■ The problem
Provide the number of lines in the entries below containing "Hrho", with no further words.

■ Records from a collection
Theorem theorem2p1
  (Y : Type) (rho : Y -> Y -> R) (Hrho : is_metric Y rho)
  (emb : (Y -> Prop) -> (Y -> Prop) -> Prop)
  (Hemb : embedding_relation emb) (Hmon : monotone_emb emb)
  (X : Type) (opn : (X -> Prop) -> Prop) (Htop : is_topology X opn)
  (Hpara : paracompact opn)
  (phi : X -> Y -> Prop) (Hphi_ne : forall x, nonempty (phi x))
  (Hphi_cont : rho_continuous opn rho phi)
  (Hphi_UV : forall x, uniformly_UV rho emb (phi x))
  (eps : X -> R) (Heps_pos : forall x, 0 < eps x)
  (Heps_cont : continuous_real opn eps) :
  exists (Cov : nat -> (X -> Prop) -> Prop)
         (Phi Psi : nat -> (X -> Prop) -> (Y -> Prop)),
    (forall n, open_cover opn (Cov n)) /\
    (forall n U, Cov n U -> nonempty (Phi n U) /\ nonempty (Psi n U)) /\
    (forall n U, Cov n U ->
        emb (Phi n U) (Psi n U) /\
        forall p, U p -> subset (Psi n U) (nbhd rho (eps p) (phi p))) /\
    (forall n k U V, (n < k)%nat -> Cov n U -> Cov k V -> meets V U ->
        subset (Psi k V) (Phi n U)).
Proof.
  destruct (stages_exist Y rho emb X opn phi eps Hrho Htop Hpara Hphi_ne Hphi_cont
              Hphi_UV Heps_pos Heps_cont) as [s Hs].
  exists (fun n => stage_cover (s n)), (fun n => stage_Phi (s n)),
         (fun n => stage_Psi (s n)).
  split; [intro n; exact (proj1 (Hs n))|].
  split; [|split].
  - intros n U HU. destruct (proj2 (proj2 (Hs n)) U HU) as [Hne1 [Hne2 _]]. auto.
  - intros n U HU. destruct (proj2 (proj2 (Hs n)) U HU) as [_ [_ [Hemb' [Heps _]]]]. auto.
  - intros n k U V Hnk HU HV HVU.
    destruct (proj2 (proj2 (Hs k)) V HV) as [_ [_ [_ [_ [_ Hmeet]]]]].
    exact (Hmeet U _ (history_contains s n k U Hnk HU) HVU).
Qed.
Lemma skew_comm_scalar_pow (F : fieldType) n (A B : 'M[F]_n.+1) w k c :
  B \in unitmx -> A *m B = w *: (B *m A) -> A ^+ k = c%:M -> c != 0 -> w ^+ k = 1.
Proof.
move=> B_unit AB Ak c_neq0; have B_neq0 : B != 0.
  by apply: contraTneq B_unit => ->; rewrite unitmxE det0 unitr0.
have /eqP := skew_commXl k AB; rewrite Ak -!mulmxE mul_scalar_mx mul_mx_scalar.
rewrite scalerA -subr_eq0 -scalerBl scaler_eq0 (negPf B_neq0) orbF subr_eq0.
by rewrite -{1}[c]mul1r (inj_eq (mulIf c_neq0)) eq_sym => /eqP.
Qed.

Lemma unity_root_pfactor_dvd (R : idomainType) (w : R) p e N :
  prime p -> w != 1 -> w ^+ (p ^ e) = 1 -> w ^+ N = 1 -> (p %| N)%N.
Proof.
move=> p_pr w_neq1 wpe /eqP wN; have pe_gt0 : (0 < p ^ e)%N by rewrite expn_gt0 prime_gt0.
have [d dP /(dvdn_pfactor _ _ p_pr)[[|j] _ dj]] := prim_order_exists pe_gt0 wpe.
  by move: w_neq1; rewrite -(prim_expr_order dP) dj expr1 eqxx.
by apply: dvdn_trans (_ : d %| N)%N; rewrite ?(prim_order_dvd dP) // dj dvdn_exp.
Qed.

Definition separating_chars (R : nzRingType) (gT : finGroupType) (G : {set gT}) k
    (chi : 'I_k -> gT -> R) : Prop :=
  [/\ forall i, {in G &, {morph chi i : x y / (x * y)%g >-> x * y}},
      forall i, chi i 1%g = 1 &
      {in G, forall x, (forall i, chi i x = 1) -> x = 1%g}].

Section CyclicChar.
Variables (R : idomainType) (gT : finGroupType) (a : gT) (z : R).
Hypothesis z_prim : #[a]%g.-primitive_root z.

Definition cyc_log (y : gT) : nat := index y (mkseq (fun k => a ^+ k)%g #[a]%g).

Lemma expg_cyc_log k : (a ^+ cyc_log (a ^+ k))%g = (a ^+ k)%g.
Proof.
have ak_in : (a ^+ k)%g \in mkseq (fun k => a ^+ k)%g #[a]%g.
  rewrite -expg_mod_order; apply/mapP; exists (k %% #[a]%g)%N => //.
  by rewrite mem_iota ltn_mod order_gt0.
have log_lt : (cyc_log (a ^+ k) < #[a]%g)%N.
  by rewrite -[X in (_ < X)%N](size_mkseq (fun k => a ^+ k)%g) index_mem.
by have := nth_index 1%g ak_in; rewrite nth_mkseq.
Qed.

Definition cyc_char (y : gT) : R := z ^+ cyc_log y.

Lemma cyc_charX k : cyc_char (a ^+ k) = z ^+ k.
Proof. by apply/eqP; rewrite (eq_prim_root_expr z_prim) -eq_expg_mod_order expg_cyc_log. Qed.

Lemma cyc_charM : {in <[a]>%g &, {morph cyc_char : x y / (x * y)%g >-> x * y}}.
Proof. by move=> _ _ /cycleP[i ->] /cycleP[j ->]; rewrite -expgD !cyc_charX exprD. Qed.

Lemma cyc_char1 : cyc_char 1 = 1.
Proof. by rewrite -(expg0 a) cyc_charX. Qed.

Lemma cyc_char_faithful : {in <[a]>%g, forall y, cyc_char y = 1 -> y = 1%g}.
Proof.
by move=> _ /cycleP[k ->] /eqP; rewrite cyc_charX -(prim_order_dvd z_prim) order_dvdn => /eqP.
Qed.

End CyclicChar.

Lemma dprod_cycles_separating_chars (F : numClosedFieldType) (gT : finGroupType)
    (b : seq gT) (G : {group gT}) :
  (\big[dprod/1]_(x <- b) <[x]>)%g = G ->
  exists chi : 'I_(size b) -> gT -> F, separating_chars G chi.
Proof.
elim: b G => [|a b IHb] G.
  rewrite big_nil => <-; exists (fun _ _ => 1); split=> // [i x y _ _|x /set1gP //].
  by rewrite mulr1.
rewrite big_cons => defG; have [[K H defK defH] _ _ _] := dprodP defG.
rewrite defK defH in defG; have [chi [chiM chi1 chi_sep]] := IHb H defH.
have [z z_prim] : {z : F | #[a]%g.-primitive_root z}.
  by apply: closed_field_prim_root; rewrite pnatr_eq0 -lt0n order_gt0.
have [nsKG _] := dprod_normal2 defG.
have [_ KH cKH tiKH] := dprodP defG.
have cplH : H \in [complements to K in G]%g by apply/complP.
exists (fun i x => if unlift ord0 i is Some j then chi j (remgr K H x)
                  else cyc_char a z (divgr K H x)); split.
- move=> i x y Gx Gy; case: (unlift ord0 i) => [j|] /=.
    by rewrite (remgrM cplH nsKG) //; apply: chiM; rewrite mem_remgr ?KH.
  by rewrite (divgrM cplH cKH) //; apply: (cyc_charM z_prim); rewrite defK mem_divgr ?KH.
- move=> i; case: (unlift ord0 i) => [j|] /=; first by rewrite remgr1.
  by rewrite /divgr remgr1 // invg1 mulg1 (cyc_char1 z_prim).
move=> x Gx chi_x1; rewrite (divgr_eq K H x).
have -> : divgr K H x = 1%g.
  apply: (cyc_char_faithful z_prim); first by rewrite defK mem_divgr ?KH.
  by have := chi_x1 ord0; rewrite unlift_none.
rewrite (chi_sep (remgr K H x)) ?mulg1 // ?mem_remgr ?KH // => j.
by have := chi_x1 (lift ord0 j); rewrite liftK.
Qed.

Lemma p_rank_le_separating_chars (F : fieldType) (gT : finGroupType)
    (G : {group gT}) p k (chi : 'I_k -> gT -> F) (z : F) :
  prime p -> p.-primitive_root z -> (p.-group G)%g -> abelian G ->
  separating_chars G chi -> ('r_p(G)%g <= k)%N.
Proof.
move=> p_pr z_prim pG cGG [chiM chi1 chi_sep].
have OhmP x : x \in 'Ohm_1(G)%g -> x \in G /\ (x ^+ p = 1)%g.
  rewrite (OhmEabelian pG (abelianS (Ohm_sub 1 G) cGG)) !inE expn1.
  by case/andP=> -> /eqP.
have chiX i x m : x \in G -> chi i (x ^+ m)%g = chi i x ^+ m.
  move=> Gx; elim: m => [|m IHm]; first by rewrite expg0 chi1 expr0.
  by rewrite expgS chiM ?groupX // IHm exprS.
pose roots := mkseq (fun j => z ^+ j) p.
have chi_root i x : x \in 'Ohm_1(G)%g -> chi i x \in roots.
  case/OhmP=> Gx xp1; have /(prim_rootP z_prim)[j ->] : chi i x ^+ p = 1.
    by rewrite -chiX // xp1 chi1.
  by rewrite -(nth_mkseq 0 (fun j => z ^+ j) (ltn_ord j)) mem_nth ?size_mkseq.
have index_lt t : t \in roots -> (index t roots < p.-1.+1)%N.
  by rewrite prednK ?prime_gt0 // -[X in (_ < X)%N](size_mkseq (fun j => z ^+ j)) index_mem.
pose Phi x : {ffun 'I_k -> 'I_p.-1.+1} := [ffun i => inord (index (chi i x) roots)].
have Phi_inj : {in 'Ohm_1(G)%g &, injective Phi}.
  move=> x y Ex Ey /ffunP eqPhi; have [[Gx _] [Gy _]] := (OhmP x Ex, OhmP y Ey).
  apply/eqP; rewrite eq_mulgV1; apply/eqP/chi_sep => [|i]; first by rewrite groupM ?groupV.
  have := congr1 (@nat_of_ord _) (eqPhi i); rewrite !ffunE !inordK ?index_lt ?chi_root //.
  move/(congr1 (nth 0 roots)); rewrite !nth_index ?chi_root // => chi_xy.
  by rewrite chiM ?groupV // chi_xy -chiM ?groupV // mulgV chi1.
have card_Ohm : (#|'Ohm_1(G)%g| <= p ^ k)%N.
  rewrite -(card_in_imset Phi_inj); apply: leq_trans (max_card _) _.
  by rewrite card_ffun !card_ord prednK ?prime_gt0.
rewrite (p_rank_abelian p cGG) -(leq_exp2l _ _ (prime_gt1 p_pr)).
by rewrite -card_pgroup // (pgroupS (Ohm_sub 1 G) pG).
Qed.

Lemma faithful_proj_rep_of_chars (gT : finGroupType) (G : {group gT}) k
    (chi : 'I_k -> gT -> CC) :
  separating_chars G chi ->
  exists rho : gT -> 'M[CC]_k.+1, is_proj_rep G rho /\ proj_faithful G rho.
Proof.
case=> chiM chi1 chi_sep.
pose rho x : 'M[CC]_k.+1 :=
  diag_mx (\row_i if unlift ord0 i is Some j then chi j x else 1).
have rho1 : rho 1%g = 1%:M.
  by rewrite -diag_const_mx; congr diag_mx; apply/rowP=> i; rewrite !mxE; case: unlift.
have rhoM : {in G &, forall x y, rho x *m rho y = rho (x * y)%g}.
  move=> x y Gx Gy; rewrite mulmx_diag; congr diag_mx; apply/rowP=> i.
  by rewrite !mxE; case: unlift => [j|]; rewrite ?chiM ?mulr1.
exists rho; split.
  exists (fun _ _ => 1); split.
    by split=> [g h _ _|g h l _ _ _]; rewrite ?oner_eq0 ?mulr1.
  split=> //; split=> [x Gx|x y Gx Gy]; last by rewrite scale1r rhoM.
  by have := rhoM x x^-1%g Gx (groupVr Gx); rewrite mulgV rho1 => /mulmx1_unit[].
move=> x Gx /is_scalar_mxP[c rho_x]; apply: chi_sep => // j.
have := congr1 (fun A : 'M_k.+1 => A (lift ord0 j) (lift ord0 j)) rho_x.
have := congr1 (fun A : 'M_k.+1 => A ord0 ord0) rho_x.
by rewrite /= /rho !mxE !eqxx liftK unlift_none /= => <-; rewrite !mulr1n.
Qed.

Lemma twisted_ratioM (F : fieldType) (a u1 u2 u v1 v2 v : F) :
  a != 0 -> u1 * u2 = a * u -> v1 * v2 = a * v -> u / v = (u1 / v1) * (u2 / v2).
Proof. by move=> a_neq0 Du Dv; rewrite mulf_div Du Dv invfM mulrACA mulfV ?mul1r. Qed.

Section ProjectiveRepresentation.
Variables (gT : finGroupType) (G : {group gT}) (m : nat).
Variables (alpha : gT -> gT -> CC) (rho : gT -> 'M[CC]_m.+1).
Hypotheses (alpha_cocycle : is_cocycle G alpha) (rho_rep : is_alpha_rep G alpha rho).

Let alpha_neq0 : {in G &, forall g h, alpha g h != 0}.
Proof. by case: alpha_cocycle. Qed.
Let rho1 : rho 1%g = 1%:M. Proof. by case: rho_rep. Qed.
Let rho_unit : {in G, forall g, rho g \in unitmx}. Proof. by case: rho_rep => _ []. Qed.
Let rhoM : {in G &, forall g h, rho g *m rho h = alpha g h *: rho (g * h)%g}.
Proof. by case: rho_rep => _ []. Qed.

Lemma proj_rep_expg g k : g \in G -> exists2 c, c != 0 & rho g ^+ k = c *: rho (g ^+ k)%g.
Proof.
move=> Gg; elim: k => [|k [c c_neq0 IHk]]; first by exists 1; rewrite ?oner_eq0 ?scale1r.
exists (c * alpha (g ^+ k)%g g); first by rewrite mulf_neq0 ?alpha_neq0 ?groupX.
by rewrite exprSr IHk -mulmxE -scalemxAl rhoM ?groupX // scalerA expgSr.
Qed.

Lemma proj_rep_order_scalar g : g \in G -> exists2 c, c != 0 & rho g ^+ #[g]%g = c%:M.
Proof.
move=> Gg; have [c c_neq0 ->] := proj_rep_expg #[g]%g Gg.
by exists c; rewrite // expg_order rho1 scale_scalar_mx mulr1.
Qed.

Lemma proj_rep_skew_comm g h : g \in G -> h \in G -> commute g h ->
  rho g *m rho h = (alpha g h / alpha h g) *: (rho h *m rho g).
Proof.
by move=> Gg Gh cgh; rewrite !rhoM // scalerA divfK ?alpha_neq0 // cgh.
Qed.

Lemma proj_rep_asym_dvd p g h : prime p -> (p.-elt g)%g -> g \in G -> h \in G ->
  commute g h -> alpha g h != alpha h g -> (p %| m.+1)%N.
Proof.
move=> p_pr p_g Gg Gh cgh asym_gh; set w := alpha g h / alpha h g.
have w_neq1 : w != 1 by rewrite /w (can2_eq (divfK _) (mulfK _)) ?alpha_neq0 ?mul1r.
have skew_gh := proj_rep_skew_comm Gg Gh cgh.
have wm : w ^+ m.+1 = 1 by apply: skew_comm_det skew_gh; apply: rho_unit.
have [c c_neq0 rho_g_ord] := proj_rep_order_scalar Gg.
have wg : w ^+ #[g]%g = 1 by apply: skew_comm_scalar_pow (rho_unit Gh) skew_gh rho_g_ord c_neq0.
have [e ge] := p_natP p_g; rewrite ge in wg.
exact: unity_root_pfactor_dvd p_pr w_neq1 wg wm.
Qed.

■ Solution to the problem
2